When should you raise your prices? As a rule of thumb, I recommend that you wait until about half of the work you make sells. That’s an important benchmark, and when that happens, you can raise your prices about 10%. Once half of your work is selling at that those prices, raise them again. Most elite artists are ultimately able to sell their work for between several hundred and several thousand dollars. Beyond that is the realm of the world class; people like Guan Weixing or Mary Whyte, who can sell their paintings for $30,000 apiece or more. 

If you don’t reach the 50% benchmark immediately, don’t worry. This world we live in trains us to want instant success; and yet, success in the most important endeavors takes time. It may be years, or even decades, before you reach this point. You may never reach that level; and that’s okay. Just keep working. 

Key Takeaways: 

  • Start with small to medium sized pieces that you can sell for $50-$150. 
  • Once half or more of those pieces sell as quickly as you make them, increase your prices by about 10%. 
  • Continue to improve your work, network with other artists, seek showing opportunities, teach, and generally increase your fame. As the demand for your work increases, so will the scarcity, and therefore the perceived value. 
  • Make the kind of art that speaks to you, but realize that it has to be pleasing to the eye. No one will buy CD’s from someone whose music is obnoxious, and no one will buy your work if it’s ugly.

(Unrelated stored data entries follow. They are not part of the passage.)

Lemma rev_eq_trans_cons s t r x y z :
  (forall a b, a ≡ b -> lt (lambda a) (lambda (s :: x)) -> rev_eq a b) ->
  rev_eq (s :: x) (t :: y) -> rev_eq (t :: y) (r :: z) -> rev_eq (s :: x) (r :: z).
Proof.
  intros below Hxy Hyz.
  assert (Ly : lambda (t :: y) = lambda (s :: x)) by apply eq_sym, lambda_cong, rev_eq_cong, Hxy.
  assert (Lz : lambda (r :: z) = lambda (s :: x))
    by (rewrite <- Ly; apply eq_sym, lambda_cong, rev_eq_cong, Hyz).
  destruct (rev_eq_app_split (u := [s]) (v := [t]) Hxy) as (p1 & m & p2 & Hst & Hx & Hy).
  destruct (rev_eq_app_split (u := [t]) (v := [r]) Hyz) as (q1 & n & q2 & Htr & Hy' & Hz).
  apply rev_eq_cong in Hx, Hy, Hy', Hz.
  assert (Hmq : rev_eq (m ++ p2) (q1 ++ q2)).
  { apply below; [rewrite Hy; exact Hy' |].
    rewrite (lambda_cong Hy), <- Ly. apply lambda_cons. }
  destruct (rev_eq_app_split Hmq) as (v3 & u3 & k & Hm & Hp2 & Hq2).
  apply rev_eq_cong in Hp2, Hq2.
  destruct (r_cube_reverses (letter_cubes s r t) Htr Hst Hm)
    as (u'' & v'' & w'' & Hsr & Hu & Hv).
  assert (Cz : u'' ++ w'' ++ k ≡ z).
  { rewrite app_assoc, <- Hu, <- app_assoc, Hq2. exact Hz. }
  assert (Hz' : rev_eq (u'' ++ w'' ++ k) z).
  { apply below; [exact Cz |]. rewrite (lambda_cong Cz), <- Lz. apply lambda_cons. }
  apply reverses_split_l in Hz' as (d & a & b & Hzd & Hd & Hab).
  symmetry in Hab; apply app_eq_nil in Hab as [-> ->].
  assert (Hx' : rev_eq x (v'' ++ d)).
  { apply below; [| apply lambda_cons].
    rewrite Hx, Hp2, app_assoc, Hv, <- app_assoc, (rev_eq_cong Hd). reflexivity. }
  exact (reverses_app_l (reverses_app_r Hsr Hzd) Hx').
Qed.

Lemma rev_eq_trans [x y z] : rev_eq x y -> rev_eq y z -> rev_eq x z.
Proof.
  revert y z.
  induction x as [x IH] using (well_founded_ind (wf_inverse_image _ _ lt lambda lt_wf)).
  intros y z Hxy Hyz.
  pose proof (cong_nil_iff Hpos (rev_eq_cong Hxy)) as Nxy.
  pose proof (cong_nil_iff Hpos (rev_eq_cong Hyz)) as Nyz.
  destruct x as [|s x], y as [|t y], z as [|r z]; try (exfalso; intuition discriminate).
  - apply rev_eq_refl.
  - apply rev_eq_trans_cons with t y; auto.
    apply rev_eq_of_cong_on; [exact Hpos | |].
    + intros a b Hab. rewrite (lambda_cong Hab). auto.
    + intros a b c Ha. exact (IH a Ha b c).
Qed.

Lemma rev_eq_of_cong [x y] : x ≡ y -> rev_eq x y.
Proof.
  intro H; apply (rev_eq_of_cong_on (fun _ => True)); auto.
  intros x' y' z' _; apply rev_eq_trans.
Qed.

End Homogeneous.

Lemma complete_of_letter_cubes :
  positive_presentation R -> r_homogeneous R ->
  (forall s t r : S, r_cube R [s] [t] [r]) -> r_complete R.
Proof.
  intros Hpos (O & lt & lambda & _ & _ & lt_wf & lambda_cons & lambda_cong) Hcube u v u' v' H.
  apply rev_eq_complete_witness.
  exact (rev_eq_of_cong lt_wf lambda_cons lambda_cong Hpos Hcube H).
Qed.

End Reversing.

Theorem proposition4p4 (S : Type) (R : list S -> list S -> Prop)
  (HS : inhabited S) (Hpos : positive_presentation R) (Hhom : r_homogeneous R) :
  (r_complete R <-> (forall u v w : list S, strong_r_cube R u v w)) /\
  ((forall u v w : list S, strong_r_cube R u v w) <->
     (forall s t r : S, strong_r_cube R [s] [t] [r])) /\
  ((forall s t r : S, strong_r_cube R [s] [t] [r]) <->
     (forall s t r : S, r_cube R [s] [t] [r])).
Proof.
  pose proof (strong_r_cube_of_complete Hpos) as strong_of_complete.
  pose proof (complete_of_letter_cubes Hpos Hhom) as complete_of_cubes.
  assert (cubes_of_strong : (forall s t r : S, strong_r_cube R [s] [t] [r]) ->
                            forall s t r : S, r_cube R [s] [t] [r])
    by (intros H s t r; apply r_cube_of_strong, H).
  split; [|split]; split; intro H.
  - exact (strong_of_complete H).
  - apply complete_of_cubes, cubes_of_strong. intros s t r; apply H.
  - intros s t r; apply H.
  - apply strong_of_complete, complete_of_cubes, cubes_of_strong, H.
  - apply cubes_of_strong, H.
  - intros s t r; apply strong_of_complete, complete_of_cubes, H.
Qed.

That’s it! For a more general discussion of how to make money painting, check out the previous article on that here. 

For all you fantastic artists reading this, what has and has not worked for you? What paintings have sold well? What’s bombed? Leave your thoughts in the comments. Let’s all get better together! 

6 Replies to “How to Price Your Work”

  1. Hey Anthony! I love your work and appreciate your insights. I’m trying to get started as a muralist, and feel uncertain about what to charge and what fair market value is here in central NC. My research indicates most muralists price per sq ft and based on the level of detail. $10/sq ft seems to be the base rate for low detail, but I worry I will lose work if I charge that. Thoughts?

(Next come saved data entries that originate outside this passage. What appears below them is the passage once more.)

(* Let $n\ge 1$ be an integer. Consider the graph consisting of two disjoint copies of the star $K_{1,n}$ together with one additional edge joining their two centres, where one centre is tinted blue, the other centre is tinted red, and all leaves are untinted. The game value of \textsc{Snort} played on this position is $\pm n=\{n\mid -n\}$ if $n$ is even, and $\pm(n* )=\{\,n+* \mid -n+*\,\}$ if $n$ is odd.
   Context: \textsc{Snort} is a two-player normal-play combinatorial game (the player unable to move loses) between Left (blue) and Right (red), played on a finite simple graph in which each vertex may be tinted blue, tinted red, or untinted. Left may move on any vertex not tinted red; Right may move on any vertex not tinted blue. A move on vertex $v$ deletes $v$ and tints all neighbours of $v$ in the mover's colour; any vertex that thereby becomes tinted in both colours is deleted. Game values are in the standard sense of combinatorial game theory: $\{A \mid B\}$ denotes the game with Left options $A$ and Right options $B$, $*=\{0\mid 0\}$, $n*$ denotes the sum $n+*$, and $\pm G$ denotes $\{G\mid -G\}$. $K_{1,n}$ is the star with one centre vertex adjacent to $n$ leaves. *)

From mathcomp Require Import all_boot.
Set Implicit Arguments. Unset Strict Implicit. Unset Printing Implicit Defensive.

(** * Short combinatorial games (game trees, not yet quotiented) *)
Inductive game : Type := Game of seq game & seq game.

Definition leftopts (g : game) := let: Game L _ := g in L.
Definition rightopts (g : game) := let: Game _ R := g in R.

Fixpoint gsize (g : game) : nat :=
  let: Game L R := g in (sumn (map gsize L) + sumn (map gsize R)).+1.

(* Defined with fuel; the fuel
   gsize g + gsize h is always sufficient (each recursive call strictly
   decreases the total size). *)
Fixpoint le_fuel (k : nat) (g h : game) : bool :=
  match k with
  | 0 => true
  | k'.+1 =>
      ~~ has (fun gl => le_fuel k' h gl) (leftopts g) &&
      ~~ has (fun hr => le_fuel k' hr g) (rightopts h)
  end.

Definition game_le (g h : game) : bool := le_fuel (gsize g + gsize h) g h.

Definition game_eq (g h : game) : bool := game_le g h && game_le h g.

Fixpoint game_neg (g : game) : game :=
  let: Game L R := g in Game (map game_neg R) (map game_neg L).

Fixpoint game_add (g h : game) {struct g} : game :=
  let fix addg (h : game) : game :=
    let: Game HL HR := h in
    Game (map (fun gl => game_add gl h) (leftopts g) ++ map addg HL)
         (map (fun gr => game_add gr h) (rightopts g) ++ map addg HR)
  in addg h.

Definition game0 : game := Game [::] [::].
Fixpoint game_nat (n : nat) : game :=
  if n is n'.+1 then Game [:: game_nat n'] [::] else game0.
Definition game_star : game := Game [:: game0] [:: game0].
Definition game_pm (g : game) : game := Game [:: g] [:: game_neg g].

Section Snort.
Variables (T : finType) (e : rel T).

(* A position: the set V of remaining vertices of the fixed simple graph
   (T, e) (the position is the induced subgraph on V), and the sets of
   blue-tinted and red-tinted vertices. *)
Definition nbhd (V : {set T}) (v : T) : {set T} := [set u in V | e v u].

(* Left moves on v: delete v, tint neighbours blue, delete neighbours that
   were red (now tinted in both colours). *)
Definition left_move (V B Rd : {set T}) (v : T) :=
  (((V :\ v) :\: (nbhd V v :&: Rd)), B :|: nbhd V v, Rd).
Definition right_move (V B Rd : {set T}) (v : T) :=
  (((V :\ v) :\: (nbhd V v :&: B)), B, Rd :|: nbhd V v).

Fixpoint snort_fuel (k : nat) (V B Rd : {set T}) : game :=
  match k with
  | 0 => game0
  | k'.+1 =>
    Game [seq (let: (V', B', R') := left_move V B Rd v in snort_fuel k' V' B' R')
           | v <- enum V & v \notin Rd]
         [seq (let: (V', B', R') := right_move V B Rd v in snort_fuel k' V' B' R')
           | v <- enum V & v \notin B]
  end.

(* game value of Snort on the position (induced subgraph on V, tints B, Rd);
   fuel #|V| suffices since every move deletes at least one vertex. *)
Definition snort (V B Rd : {set T}) : game := snort_fuel #|V| V B Rd.
End Snort.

    1. Hmm, great question. It’s pretty common for artists to charge lower than normal rates at first while they’re building up their portfolios. That’s a really common practice amongst photographers, for instance. So, if you feel like you need a little momentum to get off the ground, then sure, maybe charge a little less per square foot. Then again, don’t let yourself get taken advantage of; I’ve only painted one mural, but I know how much work and effort it takes. I recommend you select a “minimum charge” to do a job, no matter how small, so that you know it will be worth your time. Lastly, once you do a few jobs, start charging normal rates. Don’t gauge your clients, but make it obvious that you’re serious about the craft. Position yourself as a luxury brand, not a cheap one. I hope that’s helpful!

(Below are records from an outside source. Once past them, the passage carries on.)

(* Let $K$ be a simplex in a topological vector space $F$ and let $S,T:K\to 2^{K}$ be correspondences such that (i) for each $x\in K$, $\overline{S}(x)\subset T(x)$ and $S(x)\neq\emptyset$; (ii) $S$ has *-weakly convex graph. Then there exists $x^*\in K$ with $x^*\in T(x^* )$.
   Context: A simplex is the convex hull of a finite affinely independent set. For $S:X\to 2^Y$: $\mathrm{Gr}(S)=\{(x,y)\in X\times Y:y\in S(x)\}$; $\overline{S}(x)=\{y\in Y:(x,y)\in\mathrm{cl}_{X\times Y}\mathrm{Gr}(S)\}$; for $V\subset F$, $S_V(x)=(S(x)+V)\cap Y$. Weakly convex graph: $S:X\to 2^Y$ ($X,Y$ nonempty convex) has weakly convex graph if for each finite set $\{x_1,\dots,x_n\}\subset X$ there exist $y_i\in S(x_i)$ such that $\mathrm{co}\{(x_1,y_1),\dots,(x_n,y_n)\}\subset\mathrm{Gr}(S)$, equivalently $\sum_i\lambda_iy_i\in S(\sum_i\lambda_ix_i)$ for all $\lambda_i\ge0$ with $\sum_i\lambda_i=1$. *-weakly convex graph: $S$ has *-weakly convex graph if for each neighborhood $V$ of the origin in $F$ the correspondence $S_V$ has weakly convex graph. *)

From Stdlib Require Import Reals List.
Import ListNotations.
Open Scope R_scope.

(* No separation axiom is assumed. *)
Record TVS := mkTVS {
  vT :> Type;
  vzero : vT;
  vadd : vT -> vT -> vT;
  vopp : vT -> vT;
  vscal : R -> vT -> vT;
  vadd_assoc : forall x y z, vadd x (vadd y z) = vadd (vadd x y) z;
  vadd_comm : forall x y, vadd x y = vadd y x;
  vadd_0 : forall x, vadd x vzero = x;
  vadd_opp : forall x, vadd x (vopp x) = vzero;
  vscal_1 : forall x, vscal 1 x = x;
  vscal_assoc : forall a b x, vscal a (vscal b x) = vscal (a * b) x;
  vscal_distr_l : forall a x y, vscal a (vadd x y) = vadd (vscal a x) (vscal a y);
  vscal_distr_r : forall a b x, vscal (a + b) x = vadd (vscal a x) (vscal b x);
  vopen : (vT -> Prop) -> Prop;
  vopen_full : vopen (fun _ => True);
  vopen_inter : forall U V, vopen U -> vopen V -> vopen (fun x => U x /\ V x);
  vopen_union : forall Fam : (vT -> Prop) -> Prop,
      (forall U, Fam U -> vopen U) -> vopen (fun x => exists U, Fam U /\ U x);
  vadd_cont : forall (U : vT -> Prop) x y, vopen U -> U (vadd x y) ->
      exists V W, vopen V /\ vopen W /\ V x /\ W y /\
        forall x' y', V x' -> W y' -> U (vadd x' y');
  vscal_cont : forall (U : vT -> Prop) t x, vopen U -> U (vscal t x) ->
      exists d W, 0 < d /\ vopen W /\ W x /\
        forall s y, Rabs (s - t) < d -> W y -> U (vscal s y)
}.

Arguments vzero {_}.
Arguments vadd {_}.
Arguments vscal {_}.
Arguments vopen {_}.

Section Defs.
Variable F : TVS.

Fixpoint sumR (l : list R) : R :=
  match l with [] => 0 | a :: l' => a + sumR l' end.

Fixpoint lincomb (l : list R) (xs : list F) : F :=
  match l, xs with
  | a :: l', x :: xs' => vadd (vscal a x) (lincomb l' xs')
  | _, _ => vzero
  end.

Definition convex_coeffs (lam : list R) (n : nat) : Prop :=
  length lam = n /\ Forall (fun a => 0 <= a) lam /\ sumR lam = 1.

Definition affinely_independent (vs : list F) : Prop :=
  forall lam : list R, length lam = length vs -> sumR lam = 0 ->
    lincomb lam vs = vzero -> Forall (fun a => a = 0) lam.

Definition is_simplex (K : F -> Prop) : Prop :=
  exists vs : list F, vs <> [] /\ affinely_independent vs /\
    forall x, K x <-> exists lam, convex_coeffs lam (length vs) /\ x = lincomb lam vs.

(* Correspondences X -> 2^Y are represented as S : F -> F -> Prop,
   with S x y meaning y \in S(x). *)

Definition graph (X : F -> Prop) (S : F -> F -> Prop) (x y : F) : Prop :=
  X x /\ S x y.

(* \overline{S}(x) = {y in Y : (x,y) in cl_{X x Y} Gr(S)} *)
Definition closure_corr (X Y : F -> Prop) (S : F -> F -> Prop) (x y : F) : Prop :=
  X x /\ Y y /\
  forall U W : F -> Prop, vopen U -> vopen W -> U x -> W y ->
    exists x' y', graph X S x' y' /\ U x' /\ W y'.

Definition neighborhood_origin (V : F -> Prop) : Prop :=
  exists U, vopen U /\ U vzero /\ forall z, U z -> V z.

Definition corr_V (Y : F -> Prop) (S : F -> F -> Prop) (V : F -> Prop) (x y : F) : Prop :=
  Y y /\ exists s v, S x s /\ V v /\ y = vadd s v.

Definition weakly_convex_graph (X : F -> Prop) (S : F -> F -> Prop) : Prop :=
  forall xs : list F, NoDup xs -> Forall X xs ->
    exists ys : list F, Forall2 S xs ys /\
      forall lam, convex_coeffs lam (length xs) ->
        graph X S (lincomb lam xs) (lincomb lam ys).

Definition star_weakly_convex_graph (X Y : F -> Prop) (S : F -> F -> Prop) : Prop :=
  forall V, neighborhood_origin V -> weakly_convex_graph X (corr_V Y S V).

End Defs.

From Stdlib Require Import Reals List Lra Lia Classical ClassicalEpsilon.
Import ListNotations.
Open Scope R_scope.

  2. Thanks , good advice – I make things from bowls , furniture and paintings( portraits and landscapes) watercolor and oil.
    What has sold has been personal ,watercolor portraits of them doing what they like doing – so a couple of boxing portraits have sold . Since I woodwork I’ve been making my own frames to increase appeal . Some pet portraits have sold. With woodworking it’s been bowls that have sold.
    If I got paid by the hour I would be making about $3/hr- ( just kidding) but I really haven’t figured it out.